• [About this task]: Each line of the data below from the one holding "have v_osc : osc_le v c." to the one holding "(forall z z', 0", inclusive, is to be reproduced exactly; no other line belongs in the answer.

• [Dataset entries]:
Definition typeA_selfint (e : {set V}) (gamma : {set {set {set V}}}) :=
  exists x1 x2 x3 x4 : {set {set V}},
    [/\ uniq [:: x1; x2; x3; x4],
        [/\ x1 \in rc_verts e, x2 \in rc_verts e, x3 \in rc_verts e & x4 \in rc_verts e],
        [/\ [set x1; x2] \in rc_edges e, [set x2; x3] \in rc_edges e,
            [set x3; x4] \in rc_edges e & [set x4; x1] \in rc_edges e],
        [/\ Lam [set x1; x2], Lam [set x3; x4], ~~ Lam [set x2; x3] & ~~ Lam [set x4; x1]]
      & ([set x1; x2] \subset gamma) && ([set x3; x4] \subset gamma)] /\
        let rem := fun x y => [&& open_adj x y, x \in gamma, y \in gamma,
                                  [set x; y] != [set x1; x2] & [set x; y] != [set x3; x4]] in
        connect rem x1 x3 /\ connect rem x2 x4.
End L2.

(* Let uv be a bridge, a, b the other neighbours of u and c, d those of v.  The reduced clique of
   uv is the 4-cycle A C B D on the vertices A = {uv,ua}, B = {uv,ub}, C = {uv,vc}, D = {uv,vd},
   and validity makes its open edges either AC, BD or AD, BC; say AC, BD.  Since every vertex has
   exactly one open edge in each of its two reduced cliques, deleting the open edges of X_uv leaves
   A, B, C, D of degree 1 and every other vertex of degree 2.  By the handshake lemma the
   component of A then contains one of B, C, D.  Along it, the two G-edges of each vertex meet at
   a vertex reachable from u in G - uv, which excludes C and D because uv is a bridge.  Hence A is
   joined to B, and symmetrically C to D, by open paths avoiding X_uv: X_uv is a Type A
   self-intersection of the cycle through A. *)

From mathcomp Require Import all_boot.
Set Implicit Arguments. Unset Strict Implicit. Unset Printing Implicit Defensive.

Section Pairs.
Variable T : finType.
Implicit Types a b c d : T.

Lemma eq_set2 a b c d :
  [set a; b] = [set c; d] -> (a = c /\ b = d) \/ (a = d /\ b = c).
Proof.
move=> abcd.
have : a \in [set c; d] by rewrite -abcd set21.
have : b \in [set c; d] by rewrite -abcd set22.
have : c \in [set a; b] by rewrite abcd set21.
have : d \in [set a; b] by rewrite abcd set22.
rewrite !inE => /orP[]/eqP ? /orP[]/eqP ? /orP[]/eqP ? /orP[]/eqP ?; subst;
  by [left | right].
Qed.

Lemma set2_injl a b c : [set a; b] = [set a; c] -> b = c.
Proof. by case/eq_set2=> [[_ ->]|[-> ->]]. Qed.

Lemma eq_set2_of_mem a b c d :
  a != b -> a \in [set c; d] -> b \in [set c; d] -> [set a; b] = [set c; d].
Proof.
move=> ab /set2P[] ? /set2P[] ?; subst; rewrite ?eqxx // in ab *; exact: setUC.
Qed.

Lemma setI_neq0 (A B : {set T}) x : x \in A -> x \in B -> A :&: B != set0.
Proof. by move=> xA xB; apply/set0Pn; exists x; rewrite inE xA. Qed.

End Pairs.

Section LineGraph.
Variables (T : finType) (E : {set {set T}}).

Lemma line_edgesP s :
  reflect (exists e f, [/\ e \in E, f \in E, e != f, e :&: f != set0 & s = [set e; f]])
          (s \in line_edges E).
Proof.
apply: (iffP idP) => [|[e [f [eE fE ef ef0 ->]]]].
  rewrite inE => /existsP[e /andP[eE /existsP[f /andP[fE /and3P[ef ef0 /eqP ->]]]]].
  by exists e, f.
by rewrite inE; apply/existsP; exists e; rewrite eE; apply/existsP; exists f; rewrite fE ef ef0 /=.
Qed.

Lemma mem_line_edges e f :
  e \in E -> f \in E -> e != f -> e :&: f != set0 -> [set e; f] \in line_edges E.
Proof. by move=> eE fE ef ef0; apply/line_edgesP; exists e, f. Qed.
(* Let $T_1,T_2\in\mathcal{T}_n$ be binary phylogenetic trees. Let $G$ be the undirected multigraph with vertex set $\{1,\dots,2n-2\}$ and edge multiset $M(T_1)\sqcup M(T_2)$ (each member of $M(T_i)$ being a $2$-element set, viewed as an edge), and let $C$ be the set of connected components of $G$. Then $\mathit{TD}(T_1,T_2)=n-1-|C|$.
   Context: A phylogenetic tree is a finite rooted tree (arcs directed away from the root) with no node of outdegree $1$, whose leaves are injectively labeled; it is binary if every internal (non-leaf) node has exactly $2$ children. $\mathcal{T}_n$ denotes the set of phylogenetic trees with $n$ leaves labeled $1,\dots,n$, up to label-preserving isomorphism; $\mathcal{L}(T)$ is the set of leaves. The height of a node is the length of a longest directed path from it to a leaf. The bottom-up ordering of $T=(V,E)\in\mathcal{T}_n$ is the unique injective map $\ell:V\to\{1,\dots,|V|\}$ such that: (a) for a leaf $v$, $\ell(v)$ is its label; (b) if $\mathrm{height}(u)<\mathrm{height}(v)$ then $\ell(u)<\ell(v)$; (c) if $0<\mathrm{height}(u)=\mathrm{height}(v)$ and $\min\{\ell(x): x \text{ child of } u\}<\min\{\ell(x): x\text{ child of } v\}$ then $\ell(u)<\ell(v)$. The matching representation is $M(T)=\{\ell(\mathrm{children}(u)) : u\in V\setminus\mathcal{L}(T)\}$, a partition of $\{1,\dots,|V|-1\}$. For a subset $S=\{i_1<\dots<i_k\}$ with $k\ge 2$, $\kappa(S)$ is the cyclic permutation $(i_1,\dots,i_k)$. The matching permutation is $\pi(T)=\prod_{u\in V\setminus\mathcal{L}(T)}\kappa(\ell(\mathrm{children}(u)))$, regarded as an element of $\mathfrak{S}_{2n-2}$ fixing $|V|,\dots,2n-2$. Permutations are composed right to left. $\mathit{TD}'(T_1,T_2)$ is the least number of transpositions whose product is $\pi(T_2)^{-1}\pi(T_1)$ (zero if this is the identity), and the transposition distance is $\mathit{TD}(T_1,T_2)=\tfrac12\mathit{TD}'(T_1,T_2)$. *)

From HB Require Import structures.
From mathcomp Require Import all_boot all_order all_fingroup all_algebra.
Set Implicit Arguments. Unset Strict Implicit. Unset Printing Implicit Defensive.
Lemma kpow_sum1 k w : \sum_w' kpow Q k w w' = 1.
Proof.
elim: k => [|k IH] /=.
  by rewrite (bigD1 w) //= eqxx big1 ?addr0 // => w' /negbTE; rewrite eq_sym => ->.
rewrite exchange_big /= -IH; apply: eq_bigr => v _.
by rewrite -big_distrr /= Q_sum1 mulr1.
Qed.

Lemma doeblin_le1 {m0 : nat} {lam : R} : doeblin Q m0 lam -> lam <= 1.
Proof.
move=> [_ [psi [[_ psi_sum1] minor]]].
have [w _|W0] := pickP (@predT W); last first.
  by move: psi_sum1; rewrite big_pred0 // => /eqP; rewrite eq_sym oner_eq0.
have sumT (g : W -> R) : \sum_(w' in [set: W]) g w' = \sum_w' g w'.
  by apply: eq_bigl => w'; rewrite inE.
by have := minor w [set: W]; rewrite !sumT psi_sum1 kpow_sum1 mulr1.
Qed.

End KernelPowers.

Section PostAttackChain.
Context {R : realType} {n m : nat}.
Context {Rk : 'I_n * 'I_m -> 'I_n -> R} {gam : 'I_n -> 'I_m -> R}
  {phi : 'I_n * 'I_n -> 'I_n -> R}.
Hypotheses (sR : stochastic Rk) (sG : stochastic gam) (sP : stochastic phi).

Local Notation K := (Zkernel Rk gam phi).
Local Notation Q := (XAkernel Rk gam phi).

Lemma markov_op_Zkernel (v : 'I_n * 'I_m -> R) z :
  markov_op K (fun z' => v (z'.1.1, z'.1.2)) z = \sum_w Q (z.1.1, z.1.2) w * v w.
Proof.
case: z => [[x a] y]; rewrite /markov_op /XAkernel /=.
under [RHS]eq_bigr do rewrite big_distrl /=.
by rewrite pair_big /=; apply: eq_bigr => -[[x' a'] y'].
Qed.

Lemma XAkernel_sum1 w : \sum_w' Q w w' = 1.
Proof.
case: sR sG sP => [_ R1] [_ G1] [_ P1].
rewrite -(pair_big predT predT (fun x' a' => Q w (x', a'))) /= -[RHS](R1 w).
apply: eq_bigr => x' _; rewrite /XAkernel /= exchange_big /=.
rewrite -[RHS]mulr1 -(P1 (w.1, x')) big_distrr /=; apply: eq_bigr => y _.
by rewrite -big_distrr /= G1 mulr1.
Qed.

Lemma Zkernel_ge0 z z' : 0 <= K z z'.
Proof.
case: sR sG sP => [R0 _] [G0 _] [P0 _].
by case: z => [[x a] y]; case: z' => [[x' a'] y']; rewrite !mulr_ge0.
Qed.

Lemma Zkernel_sum1 z : \sum_z' K z z' = 1.
Proof.
have := markov_op_Zkernel (fun=> 1) z; rewrite /markov_op.
by under eq_bigr do rewrite mulr1; under [in RHS]eq_bigr do rewrite mulr1; rewrite XAkernel_sum1.
Qed.

Lemma iter_markov_op_Zkernel k (v : 'I_n * 'I_m -> R) z :
  iter k (markov_op K) (fun z' => v (z'.1.1, z'.1.2)) z
  = \sum_w kpow Q k (z.1.1, z.1.2) w * v w.
Proof.
elim: k v z => [|k IH] v z.
  rewrite (bigD1 (z.1.1, z.1.2)) //= eqxx mul1r big1 ?addr0 // => w /negbTE.
  by rewrite eq_sym => ->; rewrite mul0r.
rewrite iterSr.
have -> : markov_op K (fun z' => v (z'.1.1, z'.1.2)) =
    fun z' => (fun w => \sum_w' Q w w' * v w') (z'.1.1, z'.1.2).
  by apply: funext => z'; rewrite markov_op_Zkernel.
rewrite (IH (fun w => \sum_w' Q w w' * v w')); under eq_bigr do rewrite big_distrr /=.
rewrite exchange_big /=; apply: eq_bigr => w' _.
by rewrite big_distrl /=; apply: eq_bigr => w _; rewrite mulrA.
Qed.

Lemma doeblin_osc_contraction {m0 : nat} {lam : R} :
  doeblin Q m0 lam -> osc_contraction K m0.+1 lam.
Proof.
move=> [_ [psi [[_ psi_sum1] minor]]] u c uc z1 z2.
pose v w := markov_op K u (w.1, w.2, z1.2).
rewrite iterSr.
have -> : markov_op K u = fun z => v (z.1.1, z.1.2) by apply: funext => -[[x a] y].
rewrite !iter_markov_op_Zkernel.
(* Removing the common minorant [lam psi] from two rows of [Q ^ m0] leaves rows of mass
   [1 - lam]. *)
pose a (z : Zs n m) w := kpow Q m0 (z.1.1, z.1.2) w - lam * psi w.
have a_ge0 z w : 0 <= a z w.
  by rewrite subr_ge0; have := minor (z.1.1, z.1.2) [set w]; rewrite !big_set1.
have a_sum z : \sum_w a z w = 1 - lam.
  rewrite sumrB (kpow_sum1 XAkernel_sum1) -big_distrr /=.
  by rewrite psi_sum1 mulr1.
have v_osc : osc_le v c.
  by move=> w w'; apply: (markov_op_osc _ Zkernel_ge0 Zkernel_sum1 uc).
have := sumr_osc_le (a_ge0 z1) (a_ge0 z2) _ v_osc; rewrite !a_sum => /(_ erefl).
apply: le_trans; rewrite le_eqVlt; apply/predU1l.
rewrite /a; under [in RHS]eq_bigr do rewrite mulrBl.
by under [X in _ = _ - X]eq_bigr do rewrite mulrBl; rewrite !sumrB; ring.
Qed.

Lemma Zkernel_expected_sum_osc {f : Zs n m -> Zs n m -> R} {F : R} {m0 : nat} {lam : R} :
  (forall z z', 0 < K z z' -> `|f z z'| <= F) -> doeblin Q m0 lam ->
  forall T, osc_le (expected_sum K (fun z => markov_op K (f z) z) T) (2 * F * m0.+1%:R / lam).
Proof.
move=> f_le doeb; have [lam_gt0 _] := doeb.
have hF := norm_markov_op_le _ _ Zkernel_ge0 Zkernel_sum1 _ f_le.
apply: (expected_sum_osc _ _ Zkernel_ge0 Zkernel_sum1 _ hF _ _ (ltn0Sn m0)) => //.
  by rewrite lam_gt0 (doeblin_le1 XAkernel_sum1 doeb).
exact: doeblin_osc_contraction doeb.
Qed.

End PostAttackChain.

Section Constants.
Context {R : realType}.

Lemma min_nonzero_itv {A B : finType} {Q : A -> B -> R} :
  (forall a b, 0 <= Q a b) -> 0 <= min_nonzero Q <= 1.
Proof.
move=> Q_ge0; apply/andP; split.
  apply: (big_ind (fun x => 0 <= x)) => // [x y x0 y0|a _]; first by rewrite le_min x0.
  by apply: (big_ind (fun x => 0 <= x)) => // x y x0 y0; rewrite le_min x0.
by apply: (big_rec (fun x => x <= 1)) => // a x _ x_le1; rewrite ge_min x_le1 orbT.
Qed.

Lemma scaled_min_nonzero_itv {A B C D E G : finType} {Q1 : A -> B -> R}
  {Q2 : C -> D -> R} {Q3 : E -> G -> R} {lam : R} :
  (forall a b, 0 <= Q1 a b) -> (forall c d, 0 <= Q2 c d) -> (forall e g, 0 <= Q3 e g) ->
  0 <= lam ->
  0 <= lam * min_nonzero Q1 * min_nonzero Q2 ^+ 2 * min_nonzero Q3 ^+ 2 <= lam.
Proof.
move=> /min_nonzero_itv/andP[a0 a1] /min_nonzero_itv/andP[b0 b1].
move=> /min_nonzero_itv/andP[c0 c1] lam_ge0.
rewrite !mulr_ge0 ?exprn_ge0 //= -!mulrA ler_piMr //.
by rewrite !mulr_ile1 ?mulr_ge0 ?exprn_ge0 ?expr_le1.
Qed.

Lemma supnorm_Omega_ge0 {Z : finType} (K f : Z -> Z -> R) : 0 <= supnorm_Omega K f.
Proof. by apply: (big_ind (fun x => 0 <= x)) => // x y x0 y0; rewrite le_max x0. Qed.

Lemma supnorm_Omega_le {Z : finType} (K f : Z -> Z -> R) z z' :
  0 < K z z' -> `|f z z'| <= supnorm_Omega K f.
Proof. by move=> Kzz'; apply: (@le_bigmax_cond _ _ _ _ (z, z')). Qed.

Lemma osc_budget_le (F lam lam1 : R) (M : nat) : 0 <= F -> 0 < lam1 <= lam -> lam <= 1 ->
  2 * F + 2 * F * M%:R / lam <= 2 * M.+1%:R * F / lam1.
Proof.
move=> F_ge0 /andP[lam1_gt0 lam1_le] lam_le1.
have lam_gt0 : 0 < lam := lt_le_trans lam1_gt0 lam1_le.
apply: (@le_trans _ _ (2 * M.+1%:R * F / lam)); last first.
  by rewrite ler_wpM2l ?lef_pV2 ?mulr_ge0 ?ler0n ?posrE.
have -> : 2 * M.+1%:R * F / lam = 2 * F / lam + 2 * F * M%:R / lam.
  by rewrite -natr1; field; rewrite lt0r_neq0.
by rewrite lerD2r ler_pdivlMr // ler_piMr ?mulr_ge0.
Qed.

End Constants.

Theorem lemma5 (R : realType) (n m : nat)
  (Rk : ('I_n * 'I_m) -> 'I_n -> R) (gam : 'I_n -> 'I_m -> R)
  (phi : 'I_n * 'I_n -> 'I_n -> R)
  (p0 : ('I_n * 'I_m * 'I_n) -> R)
  (m0 : nat) (lam : R)
  (f : ('I_n * 'I_m * 'I_n) -> ('I_n * 'I_m * 'I_n) -> R)
  (N : nat) (eps : R) :
  stochastic Rk -> stochastic gam -> stochastic phi -> distribution p0 ->
  doeblin (XAkernel Rk gam phi) m0 lam ->
  let K := Zkernel Rk gam phi in
  let lam1 := lam * min_nonzero Rk * min_nonzero gam ^+ 2
                  * min_nonzero phi ^+ 2 in
  let mu := 2 * (m0 + 2)%:R * supnorm_Omega K f / lam1 in
  let P := path_prob p0 K (N := N) in
  let S := Ssum f (N := N) in
  let ES := \sum_(w : {ffun 'I_N.+1 -> 'I_n * 'I_m * 'I_n}) P w * S w in
  0 < eps -> mu / eps < N%:R ->
  \sum_(w : {ffun 'I_N.+1 -> 'I_n * 'I_m * 'I_n} | N%:R * eps <= `|S w - ES|) P w
  <= 2 * expR (- 2 * ((N%:R * eps - mu) ^+ 2 / (N%:R * mu ^+ 2))).
Proof.
move=> sR sG sP [p0_ge0 p0_sum1] doeb K lam1 mu P S ES eps_gt0 N_gt.
have K_ge0 := Zkernel_ge0 sR sG sP; have K_sum1 := Zkernel_sum1 sR sG sP.
have [lam_gt0 _] := doeb.
have /andP[lam1_ge0 lam1_le] : 0 <= lam1 <= lam.
  exact: scaled_min_nonzero_itv (proj1 sR) (proj1 sG) (proj1 sP) (ltW lam_gt0).
set F := supnorm_Omega K f; have F_ge0 : 0 <= F := supnorm_Omega_ge0 K f.
(* [mu = 0] when [f] vanishes on Omega or [lam1 = 0] (then [/ lam1] is [0]). *)
have [mu0|mu_neq0] := eqVneq mu 0.
  rewrite mu0 expr0n /= mulr0 invr0 !mulr0 expR0 mulr1.
  exact: le_trans (sum_path_prob_le1 _ _ _ K_ge0 K_sum1 p0_ge0 p0_sum1 _) (ler1n R 2).
have lam1_gt0 : 0 < lam1.
  rewrite lt0r lam1_ge0 andbT; apply: contraNneq mu_neq0 => lam1_0.
  by rewrite /mu lam1_0 invr0 mulr0.
have f_le := supnorm_Omega_le K f.
apply: (markov_chain_deviation_le _ _ _ _ K_ge0 K_sum1 p0_ge0 p0_sum1 _ f_le _ _ F_ge0 _
  (Zkernel_expected_sum_osc sR sG sP f_le doeb)).
- by rewrite divr_ge0 ?mulr_ge0 // ltW.
- have lam_le1 := doeblin_le1 (XAkernel_sum1 sR sG sP) doeb.
  by rewrite /mu addn2 osc_budget_le // lam1_gt0 lam1_le.
- by rewrite lt0r mu_neq0 /mu divr_ge0 // !mulr_ge0 ?ler0n.
- by rewrite -ltr_pdivrMr.
Qed.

• [Answer section]:
have v_osc : osc_le v c.
  by move=> w w'; apply: (markov_op_osc _ Zkernel_ge0 Zkernel_sum1 uc).
have := sumr_osc_le (a_ge0 z1) (a_ge0 z2) _ v_osc; rewrite !a_sum => /(_ erefl).
apply: le_trans; rewrite le_eqVlt; apply/predU1l.
rewrite /a; under [in RHS]eq_bigr do rewrite mulrBl.
by under [X in _ = _ - X]eq_bigr do rewrite mulrBl; rewrite !sumrB; ring.
Qed.

Lemma Zkernel_expected_sum_osc {f : Zs n m -> Zs n m -> R} {F : R} {m0 : nat} {lam : R} :
  (forall z z', 0 < K z z' -> `|f z z'| <= F) -> doeblin Q m0 lam ->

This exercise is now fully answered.